Doch was für Unternehmen sinnvoll ist – die Leasingraten setzen sie als Betriebsausgaben ab – lohnt sich für Privatkunden nur selten, auch wenn die monatlichen Raten niedriger sind als Zins und Tilgung für eine Finanzierung über Kredit. Bei Vertragsende kommt oft das böse Erwachen. Wie viel Sie wirklich zahlen, die Restwert-Falle und Fallstricke im Vertrag erläutert Euch Focus Online über den Anbieterlink.
Autoleasing gilt als interessante Alternative zum Barkauf oder zur Finanzierung mit einem Ratenkredit. Insbesondere beim Kauf eines neuen Autos werben viele Autohäuser mit besonders günstigen Leasingangeboten. Ob Leasing für Privatpersonen überhaupt lohnenswert ist, fragen sich aufgrund der scheinbar günstigen Konditionen die wenigsten.
Auch sehen die Angebote auf den ersten Blick durchaus lukrativ aus: ein neues Auto für drei Jahre feste monatliche Raten. Im Gegensatz zu einem Ratenkredit stellt sich auch die Frage nach Sicherheiten beim Leasing nur am Rand. Eine
Schufa-Auskunft allein reicht den Autobanken oft aus. Lohnt sich Leasing aber gegenüber einem Barkauf bzw. gegenüber der Finanzierung über einen Ratenkredit wirklich?
Leasing = Mietvertrag
Leasing (aus dem Englischen für "Mieten", "Pachten") ist einfach ausgedrückt nichts anderes als ein normaler Mietvertrag. Keinesfalls sollte man Leasing mit einem Ratenkauf verwechseln.

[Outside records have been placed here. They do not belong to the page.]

Lemma edge_unavoidable u v : e u v -> ~~ connect (avoid e (pred1 [set u; v])) u v.
Proof.
move=> euv; apply/negP => /connectP [s]; case/shortenP => s' ps' us' _ hl.
case: s' ps' us' hl => [|b [|c r]] ps' us' /= hl.
- by move: euv; rewrite hl eirr.
- by move: ps'; rewrite /= -hl inE eqxx andbF.
- have pe : path e u [:: b, c & r] by apply: sub_path ps' => x y /andP[].
  have : cycle e [:: u, b, c & r] by rewrite /cycle rcons_path pe /= -hl esym.
  by rewrite (negbTE (acyclic us' isT)).
Qed.

Lemma path_edge_separates a s1 v s2 t1 t2 :
  path e a (s1 ++ v :: s2) -> uniq (a :: s1 ++ v :: s2) ->
  t1 \in a :: s1 -> t2 \in v :: s2 ->
  ~~ connect (avoid e (pred1 [set last a s1; v])) t1 t2.
Proof.
set u := last a s1; set F := pred1 [set u; v].
rewrite -cat_cons cat_uniq => + /and3P[_ hn _].
rewrite cat_path /= => /and3P[ps1 euv ps2] ht1 ht2.
have vA : v \notin a :: s1 by apply: contra hn => vA; apply/hasP; exists v; rewrite ?mem_head.
have uB : u \notin v :: s2 by apply: contra hn => uB; apply/hasP; exists u; rewrite ?mem_last.
have pA : path (avoid e F) a s1.
  apply: (path_avoid (E := F) ps1) => F' /walk_edges_sub sA; rewrite inE.
  by apply: contraNneq _ vA => E; apply: sA; rewrite E set22.
have pB : path (avoid e F) v s2.
  apply: (path_avoid (E := F) ps2) => F' /walk_edges_sub sB; rewrite inE.
  by apply: contraNneq _ uB => E; apply: sB; rewrite E set21.
have cs := sym_connect_sym (avoid_sym F).
apply: contraNN (edge_unavoidable euv) => ct.
apply: connect_trans (connect_trans _ ct) _; rewrite cs.
- apply: connect_trans _ (path_connect pA (mem_last a s1)).
  by rewrite cs; exact: (path_connect pA ht1).
- exact: (path_connect pB ht2).
Qed.

Lemma path_edges_unavoidable a p q qs :
  path e a p -> uniq (a :: p) -> path e q qs ->
  a \in q :: qs -> last a p \in q :: qs -> {subset walk_edges (a, p) <= walk_edges (q, qs)}.
Proof.
move=> pp up pq ha hl F /walk_edgesP [s1 [v [s2 [Ep EF]]]]; subst p F.
apply/negPn/negP => hF.
have pq' : path (avoid e (pred1 [set last a s1; v])) q qs.
  by apply: (path_avoid (E := pred1 _) pq) => F' HF'; rewrite inE; apply: contraNneq _ hF => <-.
have cq := path_connect pq'; have cs := sym_connect_sym (avoid_sym (pred1 [set last a s1; v])).
have lB : last a (s1 ++ v :: s2) \in v :: s2 by rewrite last_cat /= mem_last.
case/negP: (path_edge_separates pp up (mem_head a s1) lB).
by apply: connect_trans (cq _ hl); rewrite cs; apply: cq.
Qed.

Lemma path_vertices_disconnected a p t1 t2 :
  path e a p -> uniq (a :: p) -> t1 \in a :: p -> t2 \in a :: p ->
  connect (avoid e (mem (walk_edges (a, p)))) t1 t2 -> t1 = t2.
Proof.
move=> pp up h1 h2 ct; apply/eqP/negPn/negP => /(split_between h1 h2) [s1 [v [s2 [Ep hs]]]].
move: pp up ct; rewrite Ep => pp up.
have sub : subrel (avoid e (mem (walk_edges (a, s1 ++ v :: s2))))
                  (connect (avoid e (pred1 [set last a s1; v]))).
  move=> x y /andP[exy hxy]; apply: connect1; rewrite /= exy inE.
  by apply: contraNneq _ hxy => ->; apply: mem_walk_edges.
have cs := sym_connect_sym (avoid_sym (pred1 [set last a s1; v])).
move=> /(connect_sub sub) ct.
case/orP: hs => /andP[ht1 ht2]; move/negP: (path_edge_separates pp up ht1 ht2); apply => //.
by rewrite cs.
Qed.

End Trees.

Lemma card_bigcup_le (T I : finType) (P : pred I) (A : I -> {set T}) :
  #|\bigcup_(i | P i) A i| <= \sum_(i | P i) #|A i|.
Proof.
elim/big_rec2: _ => [|i S n _ H]; first by rewrite cards0.
by apply: leq_trans (leq_card_setU _ _) _; rewrite leq_add2l.
Qed.

Lemma deg3_neighbours (V : finType) (e : rel V) v t1 t2 t3 :
  deg e v <= 3 -> e v t1 -> e v t2 -> e v t3 -> uniq [:: t1; t2; t3] ->
  deg e v = 3 /\ forall t, e v t -> t \in [:: t1; t2; t3].
Proof.
move=> hd e1 e2 e3 u3; set N := [set t in [:: t1; t2; t3]].
have sub : N \subset [set t | e v t].
  by apply/subsetP => t; rewrite !inE; case/or3P => /eqP->.
have c3 : #|N| = 3 by rewrite cardsE (card_uniqP u3).
have d3 : deg e v = 3 by apply/eqP; rewrite eqn_leq hd -c3 subset_leq_card.
split=> // t evt; apply/negPn/negP => ht.
have tN : t \notin N by rewrite in_set.
have : t |: N \subset [set t | e v t] by rewrite subUset sub1set inE evt sub.
by move/subset_leq_card; rewrite cardsU1 tN c3 -/(deg e v) d3.
Qed.

Section Parsimony.
Variables (X V : finType) (e : rel V) (phi : X -> V).
Implicit Types (f : {ffun X -> bool}) (g : V -> bool).

Definition change_edges g :=
  [set E : {set V} | [exists u, exists v, [&& e u v, E == [set u; v] & g u != g v]]].

Lemma changesE g : changes e g = #|change_edges g|.
Proof. by []. Qed.

Lemma path_change_edge g a s : path e a s -> g a != g (last a s) ->
  has (mem (change_edges g)) (walk_edges (a, s)).
Proof.
elim: s a => [|b s IH] a /=; first by rewrite eqxx.
move=> /andP[eab ps] hg; rewrite /walk_edges /=.
have [gab | nab] := eqVneq (g a) (g b); first by rewrite IH ?orbT // -gab.
rewrite inE; apply/orP; left.
by apply/existsP; exists a; apply/existsP; exists b; rewrite eab eqxx nab.
Qed.

Hypothesis esym : symmetric e.

Lemma changes_le_sum g : changes e g <= \sum_(v | g v) #|[set t | e v t && ~~ g t]|.
Proof.
set S := fun v => [set [set v; t] | t in [set t | e v t && ~~ g t]].
apply: (@leq_trans #|\bigcup_(v | g v) S v|); last first.
  by apply: leq_trans (card_bigcup_le _ _) _; apply: leq_sum => v _; exact: leq_imset_card.
apply: subset_leq_card; apply/subsetP => E; rewrite inE.
case/existsP => u /existsP[v /and3P[euv /eqP-> guv]].
have [gu | ngu] := boolP (g u).
  apply/bigcupP; exists u => //; apply/imsetP; exists v => //.
  by rewrite inE euv; move: guv; rewrite gu; case: (g v).
apply/bigcupP; exists v; first by move: guv; rewrite (negbTE ngu); case: (g v).
by apply/imsetP; exists u; [rewrite inE esym euv ngu | rewrite setUC].
Qed.

Lemma changes_le_card g (B : pred V) :
  (forall v, g v -> ~~ B v -> #|[set t | e v t && ~~ g t]| <= 1) ->
  (forall v, g v -> B v -> [set t | e v t && ~~ g t] = set0) ->
  changes e g <= #|[set v | g v && ~~ B v]|.
Proof.
move=> H1 H2; apply: leq_trans (changes_le_sum g) _.
rewrite -sum1dep_card (bigID B) /= big1 ?add0n; last by move=> v /andP[gv bv]; rewrite H2 ?cards0.
by apply: leq_sum => v /andP[gv bv]; apply: H1.
Qed.

Lemma pscore_le_changes f (g : {ffun V -> bool}) :
  [forall x, g (phi x) == f x] -> pscore e phi f <= changes e g.
Proof.
move=> hg; rewrite /pscore.
elim: (index_enum _) (mem_index_enum g) => //= h r IH; rewrite inE big_cons.
case/predU1P=> [<-|gr]; first by rewrite hg geq_minl.
by case: ifP => _; [apply: leq_trans (geq_minr _ _) (IH gr) | exact: IH].
Qed.

Lemma pscore_ge_changes f k : k <= #|V| ->
  (forall g : {ffun V -> bool}, [forall x, g (phi x) == f x] -> k <= changes e g) ->
  k <= pscore e phi f.
Proof.
move=> hk H; apply: (big_ind (fun n => k <= n)) => // [|m n hm hn]; last by rewrite leq_min hm hn.
apply: leq_trans hk (leq_trans (ltnW (ltn_expl _ (isT : 1 < 2))) _).
by rewrite -cardsT -card_powerset max_card.
Qed.

End Parsimony.

Section LeafBounds.
Variables (X V : finType) (e : rel V) (phi : X -> V).
Hypothesis hT : binary_phylo_tree e phi.
Implicit Types f : {ffun X -> bool}.

Let esym : symmetric e. Proof. by case: hT => [[[]]]. Qed.
Let phi_inj : injective phi. Proof. by case: hT => [[]]. Qed.

Lemma leaf_neighbours z : #|[set t | e (phi z) t]| = 1.
Proof. by case: hT => [[_ _ hl _] _]; apply/eqP; rewrite -/(deg e (phi z)) hl codom_f. Qed.

Lemma leaf_neighbour_eq z t t' : e (phi z) t -> e (phi z) t' -> t = t'.
Proof.
have /eqP/cards1P [c hc] := leaf_neighbours z.
move=> et et'; have : t \in [set c] by rewrite -hc inE.
have : t' \in [set c] by rewrite -hc inE.
by rewrite !inE => /eqP-> /eqP->.
Qed.

Lemma card_false_neighbours_leaf z (g : V -> bool) : #|[set t | e (phi z) t && ~~ g t]| <= 1.
Proof.
rewrite -(leaf_neighbours z); apply: subset_leq_card.
by apply/subsetP => t; rewrite !inE => /andP[].
Qed.

Definition leaf_extension f (W : {set V}) : {ffun V -> bool} :=
  [ffun v => (v \in W) || [exists z, (phi z == v) && f z]].

Lemma leaf_extension_leaf f (W : {set V}) z :
  phi z \notin W -> leaf_extension f W (phi z) = f z.
Proof.
move=> zW; rewrite ffunE (negbTE zW) /=.
by apply/existsP/idP => [[z' /andP[/eqP/phi_inj -> //]] | fz]; exists z; rewrite eqxx.
Qed.

Lemma pscore_le_extension f (W : {set V}) :
  (forall z, phi z \notin W) -> pscore e phi f <= changes e (leaf_extension f W).
Proof.
by move=> Wleaf; apply: pscore_le_changes; apply/forallP => z; rewrite leaf_extension_leaf.
Qed.

Lemma pscore_le_card_true f : pscore e phi f <= #|[set z | f z]|.
Proof.
have Wleaf z : phi z \notin (set0 : {set V}) by rewrite inE.
apply: leq_trans (pscore_le_extension f Wleaf) _.
apply: leq_trans (changes_le_card esym (B := pred0) _ _) _ => //.
  move=> v; rewrite ffunE inE /= => /existsP[z /andP[/eqP<- _]] _.
  exact: card_false_neighbours_leaf.
apply: leq_trans (leq_imset_card phi [set z | f z]).
apply: subset_leq_card; apply/subsetP => v; rewrite !inE ffunE in_set0 andbT.
by case/existsP => z /andP[/eqP<- fz]; apply/imsetP; exists z; rewrite ?inE.
Qed.

(* Colouring the common neighbour [w] of a [true] cherry [true] as well, the two
   cherry edges carry no change and [w] replaces both cherry leaves in the count. *)
Lemma cherry_pscore_lt_card_true f x y :
  cherry e phi x y -> f x -> f y -> pscore e phi f < #|[set z | f z]|.
Proof.
move=> [nxy [w [exw eyw]]] fx fy.
case: hT => [[_ _ hleaf _] hdeg].
have nphi : phi x != phi y by apply: contra nxy => /eqP/phi_inj->.
have sub2 : [set phi x; phi y] \subset [set t | e w t].
  by apply/subsetP => t; rewrite !inE => /orP[]/eqP->; rewrite esym.
have w_leaf : w \notin codom phi.
  rewrite -hleaf; apply/negP => /eqP hw.
  by move: (subset_leq_card sub2); rewrite cards2 nphi -/(deg e w) hw.
have Wleaf z : phi z \notin [set w] by rewrite inE; apply: contraNneq w_leaf => <-; apply: codom_f.
set g := leaf_extension f [set w].
have gphi z : g (phi z) = f z by apply: leaf_extension_leaf.
apply: leq_ltn_trans (pscore_le_extension f Wleaf) _.
set B := [pred v | (v == phi x) || (v == phi y)].
apply: leq_ltn_trans (changes_le_card esym (B := B) _ _) _.
- move=> v; rewrite ffunE inE => /orP[/eqP-> _ | /existsP[z /andP[/eqP<- _]] _].
    have hsub : [set t | e w t && ~~ g t] \subset [set t | e w t] :\: [set phi x; phi y].
      apply/subsetP => t; rewrite !inE => /andP[-> gt]; rewrite andbT.
      by apply: contra gt => /orP[]/eqP->; rewrite gphi.
    apply: leq_trans (subset_leq_card hsub) _.
    by rewrite cardsD (setIidPr sub2) cards2 nphi; have := hdeg w; rewrite /deg; lia.
  exact: card_false_neighbours_leaf.
- move=> v _ /orP[]/eqP-> ; apply/setP => t; rewrite !inE; apply/negP => /andP[et].
    by rewrite (leaf_neighbour_eq et exw) ffunE inE eqxx.
  by rewrite (leaf_neighbour_eq et eyw) ffunE inE eqxx.
- set F := [set z | f z].
  have hF : [set v | g v && ~~ B v] \subset w |: (phi @: (F :\: [set x; y])).
    apply/subsetP => v; rewrite !inE ffunE inE.
    case/andP => /orP[-> // | /existsP[z /andP[/eqP<- fz]]] hB.
    apply/orP; right; apply/imsetP; exists z => //; rewrite !inE fz andbT.
    by apply: contra hB => /orP[]/eqP->; rewrite eqxx ?orbT.
  apply: leq_ltn_trans (subset_leq_card hF) _; apply: leq_ltn_trans (leq_card_setU _ _) _.
  have hxy : [set x; y] \subset F by apply/subsetP => t; rewrite !inE => /orP[]/eqP->.
  have := leq_imset_card phi (F :\: [set x; y]); have := subset_leq_card hxy.
  by rewrite cards1 cardsD (setIidPr hxy) cards2 nxy; lia.
Qed.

Egal ob man ein Auto oder Büromöbel least, bis zum Ende des Vertrages bleibt der geleaste Gegenstand immer das Eigentum des Leasinggebers.
Der Leasingnehmer hat jedoch die Option, das geleaste Objekt am Ende der Laufzeit zu einem im Voraus festgelegten Restwert endgültig zu erwerben. Leasingunternehmen bieten alternativ auch immer die Möglichkeit, das Leasinggut zurückzugeben.
Wichtig:
Leasingverträge werden zu sehr unterschiedlichen Bedingungen abgeschlossen. Sie müssen daher die Bedingungen vor Unterzeichnung des Vertrages sehr genau lesen.

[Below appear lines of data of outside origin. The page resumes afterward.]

(* Let $d\ge 8$ be an even integer and let $B$ be a bubble gadget properly attached to $S$ in a graph $G$. Let $H$ be a $(d+1)$-diverse induced subgraph of $G$ such that at least one vertex of the top row of $B$, or at least two vertices of the rightmost column of $B$, have no neighbor in $V(H)\setminus V(B)$. Then $H$ contains at most one vertex of $B$.
   Context: Two distinct vertices $u,v$ of a graph $H$ are $d$-twins in $H$ if $|(N_H(u)\setminus N_H[v])\cup(N_H(v)\setminus N_H[u])|\le d$. A graph is $(d+1)$-diverse if it has at least two vertices and no pair of $d$-twins. The $a\times b$ rook graph has vertex set $\{(i,j): i\in[a], j\in[b]\}$, two distinct vertices adjacent iff they agree in some coordinate; view it as a grid with rows and columns. A bubble gadget $B$ (for $d$) is the $w\times w$ rook graph with $w=d/2+2$, minus the two rightmost vertices of its top row (so the top row has $d/2$ vertices and the rightmost column has $d/2+1$ vertices). If $B$ is an induced subgraph of $G$ and $S$ is the set of vertices outside $V(B)$ with a neighbor in $V(B)$, then $B$ is properly attached to $S$ in $G$ if every vertex of the top row and of the rightmost column of $B$ has one or two neighbors in $V(G)\setminus V(B)$, while every other vertex of $B$ has no neighbor outside $V(B)$. *)

From mathcomp Require Import all_boot.
Set Implicit Arguments. Unset Strict Implicit. Unset Printing Implicit Defensive.

Definition simple_graph (T : finType) (g : rel T) := symmetric g /\ irreflexive g.

Section Graphs.
Variables (T : finType) (g : rel T).

Definition nbh (X : {set T}) (u : T) : {set T} := [set v in X | g u v].
Definition cnbh (X : {set T}) (u : T) : {set T} := u |: nbh X u.

Definition twins (d : nat) (X : {set T}) (u v : T) : bool :=
  [&& u \in X, v \in X, u != v &
      #|(nbh X u :\: cnbh X v) :|: (nbh X v :\: cnbh X u)| <= d].

Definition diverse_plus1 (d : nat) (X : {set T}) : Prop :=
  2 <= #|X| /\ forall u v, ~~ twins d X u v.
End Graphs.

(* Bubble gadget for d: the w x w rook graph, w = d/2 + 2, minus the two
   rightmost vertices of the top row. Coordinates (row, column), row 0 = top,
   column w-1 = rightmost. *)
Definition bw (d : nat) : nat := d./2 + 2.

Definition bubble_vertex (d : nat) (p : 'I_(bw d) * 'I_(bw d)) : bool :=
  ~~ (((p.1 : nat) == 0) && (bw d - 2 <= p.2)).

Definition top_row (d : nat) (p : 'I_(bw d) * 'I_(bw d)) : bool :=
  bubble_vertex p && ((p.1 : nat) == 0).

Definition right_col (d : nat) (p : 'I_(bw d) * 'I_(bw d)) : bool :=
  bubble_vertex p && ((p.2 : nat) == bw d - 1).

Definition rook_adj (n : nat) (p q : 'I_n * 'I_n) : bool :=
  (p != q) && ((p.1 == q.1) || (p.2 == q.2)).

Section Bubble.
Variables (T : finType) (g : rel T) (d : nat) (f : 'I_(bw d) * 'I_(bw d) -> T).

Definition is_induced_bubble : Prop :=
  (forall p q, bubble_vertex p -> bubble_vertex q -> f p = f q -> p = q) /\
  (forall p q, bubble_vertex p -> bubble_vertex q -> g (f p) (f q) = rook_adj p q).

Definition VB : {set T} := [set f p | p in [pred p | bubble_vertex p]].

Definition properly_attached (S : {set T}) : Prop :=
  S = [set x | (x \notin VB) && [exists y in VB, g x y]] /\
  forall p, bubble_vertex p ->
    let out := #|[set x | (x \notin VB) && g (f p) x]| in
    if top_row p || right_col p then (1 <= out <= 2) else out == 0.

Definition no_outer_nbr (X : {set T}) (p : 'I_(bw d) * 'I_(bw d)) : bool :=
  [set x in X :\: VB | g (f p) x] == set0.
End Bubble.

From mathcomp Require Import all_boot zify.
Set Implicit Arguments. Unset Strict Implicit. Unset Printing Implicit Defensive.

Wie funktioniert Auto-Langzeitmiete?
Der Leasingnehmer (Autofahrer) schließt einen Vertrag mit einem Leasinggeber, meist die Hausbank des Autohauses. Die Bank kauft dann das Fahrzeug von dem
Kfz Fachhandel und ist fortan der Eigentümer des Kfz.
In der Regel haben Leasingverträge eine Laufzeit von drei Jahren und sind normalerweise unkündbar. Es gibt - wie immer - einige Ausnahmen. Bevor man allerdings den Wagen vom Hof des Händlers fahren kann, muss beim Abschluss des Leasingvertrages eine Sonderzahlung geleistet werden. Diese beträgt meist zwischen 20 und 40 Prozent des Fahrzeugneuwertes.
Auch die maximal zu fahrenden Kilometer pro Jahr werden im Leasingvertrag explizit festgelegt. Während der Laufzeit des Vertrages zahlt der Leasingnehmer dann monatlich eine festgelegte Summe an den Leasinggeber - die sogenannte Leasingrate.
Ist das Ende der Laufzeit erreicht, wird der Restwert des
Kfz ermittelt, zu dem man dann das Fahrzeug auch endgültig erwerben kann. Die Ermittlung des Restwerts wirft oft größere Probleme auf, insbesondere wenn kein Anschlussvertrag abgeschlossen wird.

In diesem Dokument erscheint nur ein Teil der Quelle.